WHAT YOU HAVE TO DO: Below are some entries. Count the lines where "Variables" appears and state only that number.

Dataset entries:
-=-=-

Section Degrees.
Variable n : nat.
Local Notation deg := 'rV[int]_n.
Implicit Types (d : deg) (i j k t : 'I_n).

Definition nonneg_deg d := [forall t, 0 <= d 0 t].
Definition pos_deg d := nonneg_deg d && (d != 0).
Definition neg_deg d := [forall t, d 0 t <= 0] && (d != 0).

Lemma alphaE j t : alpha j 0 t = (t == j)%:R.
Proof. by rewrite mxE eqxx. Qed.

Lemma entryD d d' t : (d + d') 0 t = d 0 t + d' 0 t.
Proof. by rewrite mxE. Qed.

Lemma entryN d t : (- d) 0 t = - d 0 t.
Proof. by rewrite mxE. Qed.

Lemma deg_neq0 d t : d 0 t != 0 -> d != 0.
Proof. by apply: contraNneq => ->; rewrite mxE. Qed.

Lemma deg_eqP d d' : reflect (forall t, d 0 t = d' 0 t) (d == d').
Proof.
apply: (iffP eqP) => [-> //|eq_dd']; apply/matrixP => r t.
by rewrite ord1 eq_dd'.
Qed.

Lemma alpha_eq j k : (alpha j == alpha k :> deg) = (j == k).
Proof.
apply/deg_eqP/eqP => [/(_ j)|-> //].
by rewrite !alphaE eqxx; case: eqP => // _ /eqP.
Qed.

Lemma nonneg_deg_alphaXn i m : nonneg_deg (alpha i *+ m).
Proof. by apply/forallP => t; rewrite mulmxnE alphaE mulrn_wge0 // ler0n. Qed.

Lemma pos_deg_alphaD j d : nonneg_deg d -> pos_deg (alpha j + d).
Proof.
move=> /forallP d_ge0; apply/andP; split.
    by apply/forallP => t; rewrite entryD alphaE addr_ge0 // ler0n.
by apply: (deg_neq0 (t := j)); rewrite entryD alphaE eqxx; have := d_ge0 j; lia.
Qed.

Lemma pos_deg_alpha j : pos_deg (alpha j).
Proof.
rewrite -[alpha j]addr0; apply: pos_deg_alphaD.
by apply/forallP => t; rewrite mxE.
Qed.

Lemma pos_degD j d : pos_deg d -> pos_deg (alpha j + d).
Proof. by case/andP => d_ge0 _; apply: pos_deg_alphaD. Qed.

Lemma neg_degD j d : [forall t, d 0 t <= 0] -> neg_deg (- alpha j + d).
Proof.
move=> /forallP d_le0; apply/andP; split.
  by apply/forallP => t; rewrite entryD entryN alphaE; have := d_le0 t; case: eqP; lia.
by apply: (deg_neq0 (t := j)); rewrite entryD entryN alphaE eqxx; have := d_le0 j; lia.
Qed.

Lemma neg_deg_Nalpha j : neg_deg (- alpha j).
Proof.
rewrite -[- alpha j]addr0; apply: neg_degD.
by apply/forallP => t; rewrite mxE.
Qed.

Lemma pos_neg_deg d : pos_deg d -> ~~ neg_deg d.
Proof.
case/andP => /forallP d_ge0 dn0; apply: contra dn0 => /andP[/forallP d_le0 _].
apply/deg_eqP => t; have := d_ge0 t; have := d_le0 t; rewrite mxE; lia.
Qed.

Lemma pos_deg0 : ~~ pos_deg 0.
Proof. by rewrite /pos_deg eqxx andbF. Qed.

Lemma alphaD_neq i j d : pos_deg d -> alpha j + d != alpha i.
Proof.
case/andP => /forallP d_ge0 dn0; have [->|ji] := eqVneq j i.
  by apply: contra dn0 => /eqP/(canRL (addKr _)); rewrite addNr => ->.
apply/deg_eqP => /(_ j); rewrite entryD !alphaE eqxx (negPf ji).
by have := d_ge0 j; lia.
Qed.

Lemma pos_root_deg (K : fieldType) (L : vectType K) (gr : deg -> {vspace L}) d :
  pos_root gr d -> pos_deg d.
Proof. by case=> d_ge0 d_neq0 _; rewrite /pos_deg d_neq0 andbT; apply/forallP. Qed.

Section AlphaString.
Variables k i : 'I_n.

Lemma stringE m t : (alpha k + alpha i *+ m) 0 t = (t == k)%:R + (t == i)%:R *+ m.
Proof. by rewrite entryD mulmxnE !alphaE. Qed.

Lemma pos_deg_string m : pos_deg (alpha k + alpha i *+ m).
Proof. exact/pos_deg_alphaD/nonneg_deg_alphaXn. Qed.

(* For nonnegative d: d lies neither in N alpha_i nor in alpha_k + N alpha_i. *)
Definition off_string d :=
  (2 <= d 0 k) || [exists t, [&& t != i, t != k & 0 < d 0 t]].

Lemma off_stringD j d : off_string d -> off_string (alpha j + d).
Proof.
have le_d t : d 0 t <= (alpha j + d) 0 t by rewrite entryD alphaE; case: eqP; lia.
case/orP => [le2|/existsP[t /and3P[ti tk lt0]]]; apply/orP.
  by left; apply: le_trans le2 (le_d k).
by right; apply/existsP; exists t; rewrite ti tk (lt_le_trans lt0).
Qed.

Lemma off_string_alphaD j d : j != i -> j != k -> nonneg_deg d ->
  off_string (alpha j + d).
Proof.
move=> ji jk /forallP d_ge0; apply/orP; right; apply/existsP; exists j.
by rewrite ji jk entryD alphaE eqxx; have := d_ge0 j; lia.
Qed.

Lemma off_string_alpha j : j != i -> j != k -> off_string (alpha j).
Proof.
move=> ji jk; have := off_string_alphaD ji jk (nonneg_deg_alphaXn i 0).
by rewrite mulr0n addr0.
Qed.

Hypothesis ki : k != i.

Lemma string_eq m m' :
  (alpha k + alpha i *+ m == alpha k + alpha i *+ m') = (m == m').
Proof.
apply/deg_eqP/eqP => [/(_ i)|-> //].
by rewrite !stringE eqxx eq_sym (negPf ki) !add0r mulr1n => /eqP; rewrite eqr_nat => /eqP.
Qed.

Lemma string_neq_alpha m : alpha k + alpha i *+ m != alpha i.
Proof.
apply/deg_eqP => /(_ k); rewrite stringE alphaE eqxx (negPf ki) mul0rn addr0.
by move/eqP; rewrite oner_eq0.
Qed.

Lemma off_string_alphaD_string j m : j != i ->
  off_string (alpha j + (alpha k + alpha i *+ m)).
Proof.
move=> ji; have [->|jk] := eqVneq j k; last first.
  by apply: off_string_alphaD => //; case/andP: (pos_deg_string m).
by apply/orP; left; rewrite entryD stringE alphaE eqxx (negPf ki) mul0rn addr0.
Qed.

Lemma string_off_string m : ~~ off_string (alpha k + alpha i *+ m).
Proof.
rewrite negb_or stringE eqxx (negPf ki) mul0rn addr0 /=.
apply/existsPn => t; rewrite stringE.
by case: (t =P i) => //= _; case: (t =P k) => //= _; rewrite mul0rn addr0 ltxx.
Qed.

End AlphaString.
End Degrees.

Section Contragredient.
Variables (K : fieldType) (theta : nat) (A : 'M[K]_theta) (L : vectType K).
Variables (br : L -> L -> L) (h : {vspace L}) (e f hc : 'I_theta -> L).
Variables (xi : 'I_theta -> L -> K) (gr : 'rV[int]_theta -> {vspace L}).
Variable S : seq 'rV[int]_theta.
Local Notation deg := 'rV[int]_theta.

Hypothesis brL : lie_bracket br.
Hypothesis hc_h : forall j, hc j \in h.
Hypothesis xi_hc : forall j k, xi k (hc j) = A j k.
Hypothesis hc_free : forall c : 'I_theta -> K, \sum_k c k *: hc k = 0 -> forall k, c k = 0.
Hypothesis br_hh : forall x y, x \in h -> y \in h -> br x y = 0.
Hypothesis br_he : forall j x, x \in h -> br x (e j) = xi j x *: e j.
Hypothesis br_hf : forall j x, x \in h -> br x (f j) = - (xi j x *: f j).
Hypothesis br_ef : forall j k, br (e j) (f k) = if j == k then hc j else 0.
Hypothesis generated : forall U : {vspace L}, subalgebra br U -> (h <= U)%VS ->
  (forall j, e j \in U /\ f j \in U) -> U = fullv.

Definition nplus : {vspace L} := ad_closure br e (codom e).
Definition nminus : {vspace L} := ad_closure br f (codom f).
Definition triangular : {vspace L} := (nminus + h + nplus)%VS.

Lemma e_nplus j : e j \in nplus.
Proof. exact/mem_ad_closure/codom_f. Qed.

Lemma f_nminus j : f j \in nminus.
Proof. exact/mem_ad_closure/codom_f. Qed.

Lemma br_ef_h j k : br (e j) (f k) \in h.
Proof. by rewrite br_ef; case: eqP => _; rewrite ?hc_h ?mem0v. Qed.

Lemma br_fe_h j k : br (f j) (e k) \in h.
Proof. by rewrite br_anticomm // memvN br_ef_h. Qed.

Lemma br_fe j k : br (f j) (e k) = if j == k then - hc j else 0.
Proof. by rewrite br_anticomm // br_ef eq_sym; case: eqP => [->|_]; rewrite ?oppr0. Qed.

Lemma e_neq0 k : e k != 0.
Proof.
apply/eqP => ek0; have := br_ef k k; rewrite eqxx ek0 br0l // => /esym hc0.
have sum0 : \sum_t (t == k)%:R *: hc t = 0 :> L.
  rewrite (bigD1 k) //= eqxx scale1r hc0 add0r.
  by rewrite big1 // => t /negPf ->; rewrite scale0r.
by have := hc_free sum0 k; rewrite eqxx => /eqP; rewrite oner_eq0.
Qed.

Lemma br_h_nplus z : z \in h -> {in nplus, forall y, br z y \in nplus}.
Proof.
move=> zh; apply: ad_closure_eigen_stable => [//|j|_ /codomP[j ->]].
  by exists (xi j z); apply: br_he.
by rewrite br_he // memvZ // e_nplus.
Qed.

Lemma br_h_nminus z : z \in h -> {in nminus, forall y, br z y \in nminus}.
Proof.
move=> zh; apply: ad_closure_eigen_stable => [//|j|_ /codomP[j ->]].
  by exists (- xi j z); rewrite br_hf // scaleNr.
by rewrite br_hf // memvN memvZ // f_nminus.
Qed.

Lemma br_e_h j x : x \in h -> br (e j) x \in nplus.
Proof. by move=> xh; rewrite br_anticomm // br_he // memvN memvZ // e_nplus. Qed.

Lemma br_f_h j x : x \in h -> br (f j) x \in nminus.
Proof. by move=> xh; rewrite br_anticomm // br_hf // opprK memvZ // f_nminus. Qed.

Lemma br_f_nplus j : {in nplus, forall y, br (f j) y \in (nplus + h)%VS}.
Proof.
apply: ad_closure_br_sub => [//|k y yC|||_ /codomP[k ->]].
- exact: br_h_nplus (br_fe_h j k) y yC.
- exact: addvSl.
- move=> k _ /memv_addP[y yC [x xh ->]]; rewrite brDr //.
  by apply: memvD; apply: (subvP (addvSl _ _)); [apply: ad_closure_br | apply: br_e_h].
- exact/(subvP (addvSr _ _))/br_fe_h.
Qed.

Lemma br_e_nminus j : {in nminus, forall y, br (e j) y \in (nminus + h)%VS}.
Proof.
apply: ad_closure_br_sub => [//|k y yC|||_ /codomP[k ->]].
- exact: br_h_nminus (br_ef_h j k) y yC.
- exact: addvSl.
- move=> k _ /memv_addP[y yC [x xh ->]]; rewrite brDr //.
  by apply: memvD; apply: (subvP (addvSl _ _)); [apply: ad_closure_br | apply: br_f_h].
- exact/(subvP (addvSr _ _))/br_ef_h.
Qed.

Lemma triangular_ind (P : L -> Prop) :
  (forall u v, P u -> P v -> P (u + v)) ->
  {in nminus, forall c, P c} -> {in h, forall x, P x} -> {in nplus, forall d, P d} ->
  {in triangular, forall y, P y}.
Proof.
move=> PD Pm Ph Pp _ /memv_addP[_ /memv_addP[c cm [x xh ->]] [d dp ->]].
exact: PD (PD _ _ (Pm c cm) (Ph x xh)) (Pp d dp).
Qed.

Lemma nminus_h_sub_triangular : (nminus + h <= triangular)%VS.
Proof. exact: addvSl. Qed.

Lemma nplus_sub_triangular : (nplus <= triangular)%VS.
Proof. exact: addvSr. Qed.

Lemma nminus_sub_triangular : (nminus <= triangular)%VS.
Proof. exact: subv_trans (addvSl _ _) nminus_h_sub_triangular. Qed.

Lemma h_sub_triangular : (h <= triangular)%VS.
Proof. exact: subv_trans (addvSr _ _) nminus_h_sub_triangular. Qed.

Lemma nplus_h_sub_triangular : (nplus + h <= triangular)%VS.
Proof. by rewrite subv_add nplus_sub_triangular h_sub_triangular. Qed.

Lemma br_e_triangular j : {in triangular, forall y, br (e j) y \in triangular}.
Proof.
apply: triangular_ind => [u v eu ev|c cm|x xh|d dp]; first by rewrite brDr // memvD.
- exact/(subvP nminus_h_sub_triangular)/br_e_nminus.
- exact/(subvP nplus_sub_triangular)/br_e_h.
- exact/(subvP nplus_sub_triangular)/ad_closure_br.
Qed.

Lemma br_f_triangular j : {in triangular, forall y, br (f j) y \in triangular}.
Proof.
apply: triangular_ind => [u v fu fv|c cm|x xh|d dp]; first by rewrite brDr // memvD.
- exact/(subvP nminus_sub_triangular)/ad_closure_br.
- exact/(subvP nminus_sub_triangular)/br_f_h.
- exact/(subvP nplus_h_sub_triangular)/br_f_nplus.
Qed.

Lemma br_h_triangular z : z \in h -> {in triangular, forall y, br z y \in triangular}.
Proof.
move=> zh; apply: triangular_ind => [u v zu zv|c cm|x xh|d dp].
- by rewrite brDr // memvD.
- exact/(subvP nminus_sub_triangular)/br_h_nminus.
- by rewrite br_hh // mem0v.
- exact/(subvP nplus_sub_triangular)/br_h_nplus.
Qed.

Lemma triangular_normalizes (W : {vspace L}) :
  (forall j, {in W, forall w, br (e j) w \in W}) ->
  (forall j, {in W, forall w, br (f j) w \in W}) ->
  (forall z, z \in h -> {in W, forall w, br z w \in W}) ->
  {in triangular & W, forall u w, br u w \in W}.
Proof.
move=> eW fW hW u w uT; move: u uT w.
apply: triangular_ind => [u v uW vW w wW|c cm|x xh|d dp].
- by rewrite brDl // memvD ?uW ?vW.
- move=> w wW; apply: (ad_closure_normalizes brL _ fW cm wW).
  by move=> _ /codomP[k ->]; apply: fW.
- exact: hW.
- move=> w wW; apply: (ad_closure_normalizes brL _ eW dp wW).
  by move=> _ /codomP[k ->]; apply: eW.
Qed.

Lemma triangular_full : triangular = fullv.
Proof.
apply: generated.
- exact: triangular_normalizes br_e_triangular br_f_triangular br_h_triangular.
- exact: h_sub_triangular.
- move=> j; rewrite (subvP nplus_sub_triangular _ (e_nplus j)).
  by rewrite (subvP nminus_sub_triangular _ (f_nminus j)).
Qed.

Lemma fullv_triangular (W : {vspace L}) :
  (nminus <= W)%VS -> (h <= W)%VS -> (nplus <= W)%VS -> (fullv <= W)%VS.
Proof. by move=> mW hW pW; rewrite -triangular_full !subv_add mW hW pW. Qed.

Lemma stable_lie_ideal (W : {vspace L}) :
  (forall j, {in W, forall w, br (e j) w \in W}) ->
  (forall j, {in W, forall w, br (f j) w \in W}) ->
  (forall z, z \in h -> {in W, forall w, br z w \in W}) ->
  lie_ideal br W.
Proof.
move=> eW fW hW u w _; apply: (triangular_normalizes eW fW hW) => //.
by rewrite triangular_full memvf.
Qed.

Hypothesis gr_out : forall a, a \notin S -> gr a = 0%VS.
Hypothesis gr_direct : directv (\sum_(a <- S) gr a).
Hypothesis gr_br : forall a b, bracket_sub br (gr a) (gr b) (gr (a + b)).
Hypothesis h_gr0 : (h <= gr 0)%VS.
Hypothesis e_gr : forall j, e j \in gr (alpha j).
Hypothesis f_gr : forall j, f j \in gr (- alpha j).
Hypothesis no_graded_ideal : forall I : {vspace L}, lie_ideal br I ->
  graded_subspace gr I -> (I :&: h = 0)%VS -> I = 0%VS.

Local Notation gpart := (gpart gr S).
Local Notation mem_gpart := (mem_gpart gr_out).
Local Notation gpartS := (gpartS gr_out).
Local Notation gpart_sub := (gpart_sub gr_out gr_direct).
Local Notation gpart_disjoint := (gpart_disjoint gr_out gr_direct).
Local Notation br_gpart := (br_gpart brL gr_out gr_br).
Local Notation ad_closure_br := (ad_closure_br brL).

Lemma h_gpart (P : pred deg) : P 0 -> (h <= gpart P)%VS.
Proof. by move=> P0; apply/subvP => x /(subvP h_gr0); apply: mem_gpart. Qed.

Lemma nminus_neg : (nminus <= gpart (@neg_deg theta))%VS.
Proof.
apply: (ad_closure_sub_gpart (dg := fun j => - alpha j) brL gr_out gr_br f_gr).
  by move=> j a /andP[a_le0 _]; apply: neg_degD.
move=> _ /codomP[j ->].
exact: mem_gpart (neg_deg_Nalpha j) (f_gr j).
Qed.

Lemma capv_h_pos (I : {vspace L}) : (I <= gpart (@pos_deg theta))%VS -> (I :&: h = 0)%VS.
Proof.
move=> I_pos; apply/eqP; rewrite -subv0; apply/subvP => y /memv_capP[yI yh].
rewrite memv0; apply/eqP/(gpart_disjoint (P := @pos_deg theta) (Q := pred1 0)).
- by move=> a a_pos; apply: contraTN a_pos => /eqP ->; apply: pos_deg0.
- exact: subvP I_pos _ yI.
- by apply: subvP (h_gpart _) _ yh; rewrite inE.
Qed.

-=-=-

ANSWER BELOW: 4